(* Let $k\ge 4$ be an integer and let $\Sigma$ be an alphabet with $|\Sigma|=l$. If $l\le 1$, then for every antimorphic involution $\theta$ on $\Sigma^*$ there is no infinite word over $\Sigma$ that is pseudo-$k$th-power-free with respect to $\theta$. If $l\ge 3$, then for every antimorphic involution $\theta$ on $\Sigma^*$ there exists an infinite word over $\Sigma$ that is pseudo-$k$th-power-free with respect to $\theta$. If $l=2$, the existence depends on the involution: there exists a pseudo-$k$th-power-free infinite word over $\Sigma$ with respect to one antimorphic involution of $\Sigma^*$ but not with respect to another.
   Context: A function $\theta:\Sigma^*\to\Sigma^*$ is an antimorphic involution if $\theta(uv)=\theta(v)\theta(u)$ and $\theta(\theta(w))=w$ for all words $u,v,w$. For an integer $k\ge 2$, a nonempty word $w$ is a pseudo $k$th power with respect to $\theta$ if $w=u_1u_2\cdots u_k$ where for all $1\le i,j\le k$, either $u_i=u_j$ or $u_i=\theta(u_j)$. A (finite or infinite) word is pseudo-$k$th-power-free with respect to $\theta$ if none of its factors (contiguous subwords) is a pseudo $k$th power with respect to $\theta$. *)

From mathcomp Require Import all_boot.
Set Implicit Arguments. Unset Strict Implicit. Unset Printing Implicit Defensive.

Definition antimorphic_involution (Sigma : Type) (theta : seq Sigma -> seq Sigma) : Prop :=
  (forall u v : seq Sigma, theta (u ++ v) = theta v ++ theta u) /\
  (forall w : seq Sigma, theta (theta w) = w).

Definition pseudo_kth_power (Sigma : Type) (theta : seq Sigma -> seq Sigma)
    (k : nat) (w : seq Sigma) : Prop :=
  w <> [::] /\
  exists us : seq (seq Sigma),
    size us = k /\ flatten us = w /\
    forall i j, i < k -> j < k ->
      nth [::] us i = nth [::] us j \/ nth [::] us i = theta (nth [::] us j).

Definition factor (Sigma : Type) (x : nat -> Sigma) (i n : nat) : seq Sigma :=
  mkseq (fun j => x (i + j)) n.

Definition pseudo_kth_power_free (Sigma : Type) (theta : seq Sigma -> seq Sigma)
    (k : nat) (x : nat -> Sigma) : Prop :=
  forall i n, ~ pseudo_kth_power theta k (factor x i n).

From mathcomp Require Import all_boot zify.
Set Implicit Arguments. Unset Strict Implicit. Unset Printing Implicit Defensive.

(* The blocks of a pseudo k-th power (k >= 4) are all u or theta u, and its first
   four blocks always contain a square: u u, theta u theta u, or (u theta u)^2.
   So over three letters a square-free infinite word works for every theta; we
   take the fixed point of Leech's 13-uniform square-free morphism.  Square-freeness
   of uniform images is proved in the classical way: short squares are excluded by
   a finite check, and for long squares a synchronization property (again checked
   on short words) forces the period to be a multiple of the block length, after
   which injectivity and a rigidity condition at the block cuts pull the square
   back to the preimage.  The same argument shows that the binary image of the
   Leech word under 0 -> 00010, 1 -> 00101, 2 -> 00111 has no four consecutive
   blocks each equal to the first one or to its reversal, so it is
   pseudo-k-th-power-free for the reversal.  For the involution exchanging the two
   letters, as over a one-letter alphabet, any k letters form a pseudo k-th power. *)

Section Blocks.
Variable T : Type.
Implicit Types z u a b c : seq T.

(* Truncated when i + n > size z: the size tests in [square_word] and
   [pseudo_fourth_word] rule out such factors. *)
Definition block z i n := take n (drop i z).

Lemma size_block z i n : size (block z i n) = minn n (size z - i).
Proof. by rewrite size_take_min size_drop. Qed.

Lemma blockD z i n1 n2 : block z i (n1 + n2) = block z i n1 ++ block z (i + n1) n2.
Proof. by rewrite /block takeD drop_drop addnC. Qed.

Lemma block_block z j n i l : i + l <= n -> block (block z j n) i l = block z (j + i) l.
Proof.
move=> le_iln; rewrite /block !take_drop drop_drop take_takel; last lia.
by rewrite (addnC i j) -addnA (addnC i j).
Qed.

Lemma block_drop z j i n : block (drop j z) i n = block z (j + i) n.
Proof. by rewrite /block drop_drop addnC. Qed.

Lemma block_take z l i n : i + n <= l -> block (take l z) i n = block z i n.
Proof. by move=> fits; rewrite -[z in take l z]drop0 -/(block z 0 l) block_block. Qed.

Lemma take_block z i n l : n <= l -> take n (block z i l) = block z i n.
Proof. by move=> le_nl; rewrite /block take_takel. Qed.

Lemma block_cat a b c : block (a ++ b ++ c) (size a) (size b) = b.
Proof. by rewrite /block drop_size_cat // take_size_cat. Qed.

Lemma block_cons x0 z j n : j < size z -> block z j n.+1 = nth x0 z j :: block z j.+1 n.
Proof. by move=> lt_jz; rewrite /block (drop_nth x0 lt_jz). Qed.

Lemma block_rcons x0 z j n : j + n < size z ->
  block z j n.+1 = rcons (block z j n) (nth x0 z (j + n)).
Proof. by move=> lt_jnz; rewrite /block (take_nth x0) ?nth_drop // size_drop; lia. Qed.

End Blocks.

Lemma map_block (T T' : Type) (f : T -> T') z i n : map f (block z i n) = block (map f z) i n.
Proof. by rewrite /block map_take map_drop. Qed.

Section Squares.
Variable T : eqType.
Implicit Types z u : seq T.

Definition square_word u p := [&& 0 < p, size u == p + p & take p u == drop p u].
Definition square_at z i p := square_word (block z i (p + p)) p.
Definition squarefree z :=
  all (fun i => all (fun p => ~~ square_at z i p) (iota 1 (size z))) (iota 0 (size z)).

Lemma square_at_fits z i p : square_at z i p -> 0 < p /\ i + p + p <= size z.
Proof. by case/and3P=> p_gt0 /eqP; rewrite size_block; split=> //; lia. Qed.

Lemma square_atE z i p :
  square_at z i p = [&& 0 < p, i + p + p <= size z & block z i p == block z (i + p) p].
Proof.
have [fits|] := leqP (i + p + p) (size z); last first.
  by move=> too_long; rewrite /= andbF; apply/negbTE/negP=> /square_at_fits; lia.
rewrite /square_at /square_word size_block (minn_idPl _); last lia.
rewrite eqxx blockD take_size_cat ?drop_size_cat // size_block; lia.
Qed.

Lemma squarefreeP z : reflect (forall i p, ~~ square_at z i p) (squarefree z).
Proof.
apply: (iffP idP) => [/allP sqf i p | nosq]; last first.
  by apply/allP=> i _; apply/allP=> p _; apply: nosq.
apply/negP=> sq; have [p_gt0 fits] := square_at_fits sq.
have /allP/(_ p) := sqf i ltac:(rewrite mem_iota; lia).
by rewrite mem_iota sq => /(_ ltac:(lia)).
Qed.

Lemma square_at_block z j n i p : square_at (block z j n) i p -> square_at z (j + i) p.
Proof.
move=> sq; have [_ fits] := square_at_fits sq; move: fits sq.
by rewrite size_block /square_at => fits; rewrite block_block //; lia.
Qed.

Lemma squarefree_block z j n : squarefree z -> squarefree (block z j n).
Proof.
move=> /squarefreeP sqf; apply/squarefreeP=> i p; apply/negP.
by move/square_at_block; apply/negP.
Qed.

Lemma square_at_cat a u b : u != [::] -> square_at (a ++ u ++ u ++ b) (size a) (size u).
Proof.
move=> u_nil; rewrite /square_at /block drop_size_cat // catA take_size_cat ?size_cat //.
by rewrite /square_word size_cat lt0n size_eq0 u_nil take_size_cat // drop_size_cat // !eqxx.
Qed.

◇ ◇ ◇

__Directions for this task__:
Whenever "Leech" shows up in a line of the listing, copy that whole line.

__Worked solution__:
   take the fixed point of Leech's 13-uniform square-free morphism.  Square-freeness
   Leech word under 0 -> 00010, 1 -> 00101, 2 -> 00111 has no four consecutive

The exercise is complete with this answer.